27 November, 2025
ucla-trial-could-revolutionize-kidney-transplant-recovery

When Karina Ledesma’s kidneys failed during her high school years, she faced the daunting prospect of a transplant followed by a lifetime on immunosuppressive drugs. However, thanks to an experimental clinical trial at UCLA, she now lives with a kidney donated by her sister and no longer requires daily medication to protect it.

“It was such a relief to finally throw all the drugs away,” said Ledesma, 26. “I didn’t need to keep them here. I didn’t need to see them every day as a reminder. Tossing them all out was just a really great feeling.”

For nearly a year post-transplant, and before joining the trial, Ledesma suffered from the side effects of immunosuppressive medications, including insomnia, burning sensations in her extremities, and the constant need to schedule her day around medication times. Now, she is free from these burdens, supported by her sister Rosa Rivera, 28, who donated the kidney.

UCLA’s Groundbreaking Clinical Trial

More patients may soon share Ledesma’s experience. Dr. Jeffrey Veale of UCLA has secured a $6.7 million grant from the California Institute for Regenerative Medicine to expand the clinical trial that aided Ledesma.

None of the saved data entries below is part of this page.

Lemma lsum_app f L1 L2 : lsum f (L1 ++ L2) = lsum f L1 + lsum f L2.
Proof. unfold lsum; induction L1 as [|a L1 IH]; cbn; [ring | rewrite IH; ring]. Qed.

Lemma lsum_map {B} f (h : B -> A) (L : list B) : lsum f (map h L) = lsum (fun x => f (h x)) L.
Proof. unfold lsum; induction L as [|a L IH]; cbn; [ring | rewrite IH; ring]. Qed.

Lemma lsum_ext_in f g L : (forall x, In x L -> f x = g x) -> lsum f L = lsum g L.
Proof.
  unfold lsum; induction L as [|a L IH]; intros H; cbn; [reflexivity|].
  rewrite (H a (or_introl eq_refl)), IH; [reflexivity|].
  intros x Hx; apply H, in_cons, Hx.
Qed.

Lemma lsum_le f g L : (forall x, In x L -> f x <= g x) -> lsum f L <= lsum g L.
Proof.
  unfold lsum; induction L as [|a L IH]; intros H; cbn; [lra|].
  pose proof (H a (or_introl eq_refl)); pose proof (IH (fun x Hx => H x (or_intror Hx))); lra.
Qed.

Lemma lsum_nonneg f L : (forall x, In x L -> 0 <= f x) -> 0 <= lsum f L.
Proof.
  unfold lsum; induction L as [|a L IH]; intros H; cbn; [lra|].
  pose proof (H a (or_introl eq_refl)); pose proof (IH (fun x Hx => H x (or_intror Hx))); lra.
Qed.

Lemma lsum_plus f g L : lsum (fun x => f x + g x) L = lsum f L + lsum g L.
Proof. unfold lsum; induction L as [|a L IH]; cbn; [ring | rewrite IH; ring]. Qed.

Lemma lsum_scal c f L : lsum (fun x => c * f x) L = c * lsum f L.
Proof. unfold lsum; induction L as [|a L IH]; cbn; [ring | rewrite IH; ring]. Qed.

Lemma lsum_const c L : lsum (fun _ => c) L = INR (length L) * c.
Proof.
  unfold lsum; induction L as [|a L IH]; cbn [fold_right length];
    [cbn; ring | rewrite IH, S_INR; ring].
Qed.

Lemma lsum_filter (P : A -> bool) f L :
  lsum (fun x => if P x then f x else 0) L = lsum f (filter P L).
Proof.
  unfold lsum; induction L as [|a L IH]; cbn; [reflexivity|].
  destruct (P a); cbn; rewrite IH; ring.
Qed.

Lemma lsum_incl f L B : NoDup L -> NoDup B -> incl L B ->
  (forall x, In x B -> 0 <= f x) -> lsum f L <= lsum f B.
Proof.
  revert B; induction L as [|a L IH]; intros B HL HB Hincl Hf; [apply lsum_nonneg; assumption|].
  destruct (in_split a B (Hincl a (or_introl eq_refl))) as [B1 [B2 ->]].
  inversion HL as [|? ? HaL HL']; subst.
  assert (lsum f L <= lsum f (B1 ++ B2)).
  { apply IH; [assumption | eapply NoDup_remove_1; eassumption | |].
    - intros x Hx; specialize (Hincl x (or_intror Hx)).
      apply in_app_or in Hincl; apply in_or_app.
      destruct Hincl as [|[->|]]; [auto | contradiction | auto].
    - intros x Hx; apply Hf; apply in_app_or in Hx; apply in_or_app; cbn; tauto. }
  rewrite lsum_app, !lsum_cons in *; lra.
Qed.

End ListSums.

Lemma lsum_prod {A B} (F : A * B -> R) (L : list A) (L' : list B) :
  lsum F (list_prod L L') = lsum (fun x => lsum (fun y => F (x, y)) L') L.
Proof.
  induction L as [|a L IH]; [reflexivity|].
  cbn [list_prod]; rewrite lsum_app, lsum_map, IH; reflexivity.
Qed.

Lemma NoDup_list_prod {A B} (L : list A) (L' : list B) :
  NoDup L -> NoDup L' -> NoDup (list_prod L L').
Proof.
  induction L as [|a L IH]; intros HL HL'; cbn; [constructor|].
  inversion HL as [|? ? HaL HL0]; subst.
  apply NoDup_app; auto.
  - apply NoDup_map_NoDup_ForallPairs; [|assumption].
    intros x y _ _ E; injection E; auto.
  - intros x Hx Hx'; apply in_map_iff in Hx as [y [<- _]].
    apply in_prod_iff in Hx'; tauto.
Qed.

Fixpoint zrange (M : nat) : list Z :=
  match M with
  | O => 0%Z :: nil
  | S M' => Z.of_nat M :: (- Z.of_nat M)%Z :: zrange M'
  end.

Lemma zrange_In M x : In x (zrange M) <-> (Z.abs x <= Z.of_nat M)%Z.
Proof.
  induction M as [|M IH]; cbn [zrange In]; [split; [intros [<-|[]]; reflexivity | left; lia]|].
  rewrite IH; split; [intros [<-|[<-|H]]; lia|].
  intros H; destruct (Z.eq_dec (Z.of_nat (S M)) x) as [|Hx1]; [left; assumption|right].
  destruct (Z.eq_dec (- Z.of_nat (S M)) x) as [|Hx2]; [left; assumption|right; lia].
Qed.

Lemma zrange_NoDup M : NoDup (zrange M).
Proof.
  induction M as [|M IH]; cbn [zrange]; [constructor; [intros []|constructor]|].
  constructor; [|constructor; [|assumption]].
  - intros [H|H]; [lia|]; apply zrange_In in H; lia.
  - intros H; apply zrange_In in H; lia.
Qed.

Lemma length_zrange M : length (zrange M) = (2 * M + 1)%nat.
Proof. induction M as [|M IH]; cbn [zrange length]; [reflexivity | rewrite IH; lia]. Qed.

(* The square [-(M+1), M+1]^2 adds a shell of [8(M+1)] points of sup-norm [M+1]. *)
Lemma lsum_box_supnorm (f : nat -> R) M :
  lsum (fun x => lsum (fun y => f (Z2supnorm (x, y))) (zrange M)) (zrange M)
  = f 0%nat + lsum (fun t => 8 * INR t * f t) (seq 1 M).
Proof.
  induction M as [|M IH]; [cbn; ring|].
  set (m := Z.of_nat (S M)).
  assert (Hedge : forall x, In x (zrange (S M)) ->
            Z2supnorm (x, m) = S M /\ Z2supnorm (x, (- m)%Z) = S M
            /\ Z2supnorm (m, x) = S M /\ Z2supnorm ((- m)%Z, x) = S M).
  { intros x Hx; apply zrange_In in Hx; unfold Z2supnorm, m; cbn [fst snd]; lia. }
  assert (Hrange : forall y, In y (zrange M) -> In y (zrange (S M)))
    by (intros; right; right; auto).
  rewrite seq_S, lsum_app, lsum_cons; cbn [lsum fold_right Nat.add].
  rewrite (lsum_ext_in _ (fun x => f (S M) + f (S M)
             + lsum (fun y => f (Z2supnorm (x, y))) (zrange M))).
  2:{ intros x Hx; destruct (Hedge x Hx) as (E1 & E2 & _).
      change (zrange (S M)) with (m :: (- m)%Z :: zrange M).
      rewrite !lsum_cons, E1, E2; ring. }
  rewrite lsum_plus, lsum_const.
  change (zrange (S M)) with (m :: (- m)%Z :: zrange M) at 2.
  rewrite !lsum_cons, IH.
  rewrite (lsum_ext_in (fun y => f (Z2supnorm (m, y))) (fun _ => f (S M))),
          (lsum_ext_in (fun y => f (Z2supnorm ((- m)%Z, y))) (fun _ => f (S M)))
    by (intros y Hy; destruct (Hedge y (Hrange y Hy)) as (_ & _ & E3 & E4);
        rewrite ?E3, ?E4; reflexivity).
  rewrite !lsum_const, !length_zrange.
  rewrite !plus_INR, !mult_INR, !S_INR, INR_0; ring.
Qed.

Lemma lsum_seq_telescope (a Phi : nat -> R) M :
  (forall t, (1 <= t <= M)%nat -> a t <= Phi t - Phi (t - 1)%nat) ->
  lsum a (seq 1 M) <= Phi M - Phi 0%nat.
Proof.
  induction M as [|M IH]; intros H; [cbn; lra|].
  rewrite seq_S, lsum_app, lsum_cons; cbn [lsum fold_right Nat.add].
  pose proof (IH (fun t Ht => H t ltac:(lia))); pose proof (H (S M) ltac:(lia)).
  replace (S M - 1)%nat with M in * by lia; lra.
Qed.

Lemma ln_le a b : 0 < a -> a <= b -> ln a <= ln b.
Proof. intros Ha [Hab| ->]; [left; apply ln_increasing|]; lra. Qed.

Lemma ln_le_sub_1 x : 0 < x -> ln x <= x - 1.
Proof. intros Hx; pose proof (exp_ineq1_le (ln x)); rewrite exp_ln in *; lra. Qed.

Lemma harmonic_step x : 2 <= x -> / x <= ln x - ln (x - 1).
Proof.
  intros Hx.
  pose proof (ln_le_sub_1 ((x - 1) / x) ltac:(apply Rdiv_lt_0_compat; lra)) as Hln.
  unfold Rdiv in Hln; rewrite ln_mult, ln_Rinv in Hln by (try apply Rinv_0_lt_compat; lra).
  replace ((x - 1) * / x - 1) with (- / x) in Hln by (field; lra); lra.
Qed.

Lemma cube_step x : 2 <= x -> / x ^ 3 <= / (x - 1) ^ 2 - / x ^ 2.
Proof.
  intros Hx.
  assert (E : / (x - 1) ^ 2 - / x ^ 2 - / x ^ 3 = (x ^ 2 + x - 1) / (x ^ 3 * (x - 1) ^ 2))
    by (field; lra).
  enough (0 <= (x ^ 2 + x - 1) / (x ^ 3 * (x - 1) ^ 2)) by lra.
  unfold Rdiv; apply Rmult_le_pos; [nra|].
  left; apply Rinv_0_lt_compat, Rmult_lt_0_compat; apply pow_lt; lra.
Qed.

(* Potential whose increments dominate [t * decay n t]: harmonic growth [n^2 (1 + ln t)]
   up to [t = n], then the convergent tail [n^4 / t^2]. *)
Definition shell_potential (n t : nat) : R :=
  if Nat.eqb t 0 then 0
  else if Nat.leb t n then INR n ^ 2 * (1 + ln (INR t))
  else INR n ^ 2 * (2 + ln (INR n)) - INR n ^ 4 / INR t ^ 2.

Lemma shell_potential_tail n t : (1 <= n <= t)%nat ->
  shell_potential n t = INR n ^ 2 * (2 + ln (INR n)) - INR n ^ 4 / INR t ^ 2.
Proof.
  intros Ht; unfold shell_potential.
  replace (Nat.eqb t 0) with false by (symmetry; apply Nat.eqb_neq; lia).
  destruct (Nat.leb_spec t n); [|reflexivity].
  replace t with n by lia.
  assert (0 < INR n) by (apply lt_0_INR; lia).
  field; lra.
Qed.

Lemma shell_potential_step n t : (1 <= n)%nat -> (1 <= t)%nat ->
  INR t * decay n t <= shell_potential n t - shell_potential n (t - 1).
Proof.
  intros Hn Ht.
  assert (Hn' : 1 <= INR n) by (apply (le_INR 1); exact Hn).
  assert (Ht' : 1 <= INR t) by (apply (le_INR 1); exact Ht).
  assert (HI : INR (t - 1) = INR t - 1) by (rewrite minus_INR by lia; reflexivity).
  pose proof (Rmin_l ((INR n / INR t) ^ 2) ((INR n / INR t) ^ 4)).
  pose proof (Rmin_r ((INR n / INR t) ^ 2) ((INR n / INR t) ^ 4)).
  rewrite <- decay_ratio in *.
  destruct (le_lt_dec t n) as [Htn|Hnt].
  - assert (INR t * decay n t <= INR n ^ 2 * / INR t).
    { replace (INR n ^ 2 * / INR t) with (INR t * (INR n / INR t) ^ 2) by (field; lra).
      apply Rmult_le_compat_l; lra. }
    unfold shell_potential.
    replace (Nat.eqb t 0) with false by (symmetry; apply Nat.eqb_neq; lia).
    replace (Nat.leb t n) with true by (symmetry; apply Nat.leb_le; lia).
    destruct (Nat.eqb_spec (t - 1) 0) as [Ht1|Ht1].
    + replace t with 1%nat in * by lia; cbn [INR] in *; rewrite ln_1; lra.
    + replace (Nat.leb (t - 1) n) with true by (symmetry; apply Nat.leb_le; lia).
      pose proof (harmonic_step (INR t) ltac:(apply (le_INR 2); lia)).
      assert (INR n ^ 2 * / INR t <= INR n ^ 2 * (ln (INR t) - ln (INR t - 1)))
        by (apply Rmult_le_compat_l; [nra | lra]).
      rewrite HI; lra.
  - assert (INR t * decay n t <= INR n ^ 4 * / INR t ^ 3).
    { replace (INR n ^ 4 * / INR t ^ 3) with (INR t * (INR n / INR t) ^ 4) by (field; lra).
      apply Rmult_le_compat_l; lra. }
    rewrite !shell_potential_tail, HI by lia.
    pose proof (cube_step (INR t) ltac:(apply (le_INR 2); lia)).
    assert (INR n ^ 4 * / INR t ^ 3 <= INR n ^ 4 * (/ (INR t - 1) ^ 2 - / INR t ^ 2))
      by (apply Rmult_le_compat_l; [nra | lra]).
    unfold Rdiv; lra.
Qed.

Lemma shell_potential_le n t : (1 <= n)%nat ->
  shell_potential n t <= INR n ^ 2 * (2 + ln (INR n)).
Proof.
  intros Hn.
  assert (Hn' : 1 <= INR n) by (apply (le_INR 1); exact Hn).
  assert (0 <= ln (INR n)) by (rewrite <- ln_1; apply ln_le; lra).
  destruct (le_lt_dec n t) as [Hnt|Htn].
  - rewrite shell_potential_tail by lia.
    assert (0 <= INR n ^ 4 / INR t ^ 2).
    { unfold Rdiv; apply Rmult_le_pos; [nra|].
      left; apply Rinv_0_lt_compat, pow_lt, lt_0_INR; lia. }
    lra.
  - unfold shell_potential.
    destruct (Nat.eqb_spec t 0); [nra|].
    replace (Nat.leb t n) with true by (symmetry; apply Nat.leb_le; lia).
    assert (ln (INR t) <= ln (INR n)) by (apply ln_le; [apply lt_0_INR | apply le_INR]; lia).
    nra.
Qed.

His study investigates delayed immune tolerance, which involves infusing donor-derived blood stem cells months or years after a kidney transplant to retrain the recipient’s immune system, potentially eliminating the need for lifelong immunosuppressive drugs.

Veale and his team have already achieved early success with this approach, initially focusing on patients with a close-sibling match who had their transplant within the last five years. Starting in January 2026, the trial will open to patients with transplants up to 20 years old.

The Science Behind Delayed Immune Tolerance

The method works by integrating donor stem cells into the recipient’s bone marrow and immune system, creating a mixed population of donor and recipient immune cells, known as chimerism. This helps the recipient’s immune system recognize the transplanted kidney as “self,” reducing rejection risk and eliminating the need for ongoing immunosuppressive medications.

“This could be the difference between managing end-stage renal disease as a chronic condition and actually curing it,” said Veale, professor of urology at the David Geffen School of Medicine at UCLA.

Of the six patients treated in the phase 1/2 trial, three are completely off immunosuppressive drugs, while others are on reduced doses or successfully tapering.

Expanding the Trial and Its Implications

The new grant will enable the enrollment of 10 additional patients and support research into the science of immune tolerance. This will help Veale and his team identify biological mechanisms that make tolerance possible and uncover biomarkers predicting which patients will benefit most.

Currently, the trial is limited to patients who have received a kidney donation from a well-matched sibling. Veale aims to extend this to a broader range of donor-recipient types and other organ transplant cases.

“If we can understand why tolerance works at the cellular level, we may be able to offer it to patients with less well-matched donors — or even extend it to liver and other transplants,” Veale explained.

Challenges and Opportunities

Immunosuppressive medications, while vital for transplant success, pose serious side effects, including infections, cardiovascular disease, diabetes, and cancer. Ironically, they can also damage the organ they are meant to protect.

“These immunosuppressive drugs have not changed in decades,” Veale noted. “They’re expensive, impair the recipient’s quality of life, and decrease graft survival.”

Approximately half of all kidney transplants fail within 15 years, with many of the 90,000 people currently awaiting a kidney in the U.S. needing subsequent transplants. Delayed tolerance could change this trajectory.

Understanding the Mechanisms of Tolerance

Veale’s team will use the CIRM funding to analyze blood and tissue samples from trial participants to uncover clues about immune cell changes, cytokine profiles, or signs of donor cells persisting in the organ. These insights could help predict patient responses and guide future trials involving mismatched pairs.

“With this funding, we can find out why tolerance works. We really don’t fully understand the immunology behind it,” Veale said.

Ultimately, Veale hopes the research will shift the transplant field’s focus from preserving organ function to preventing long-term harm, not just keeping donated kidneys working but keeping recipients healthy and medication-free.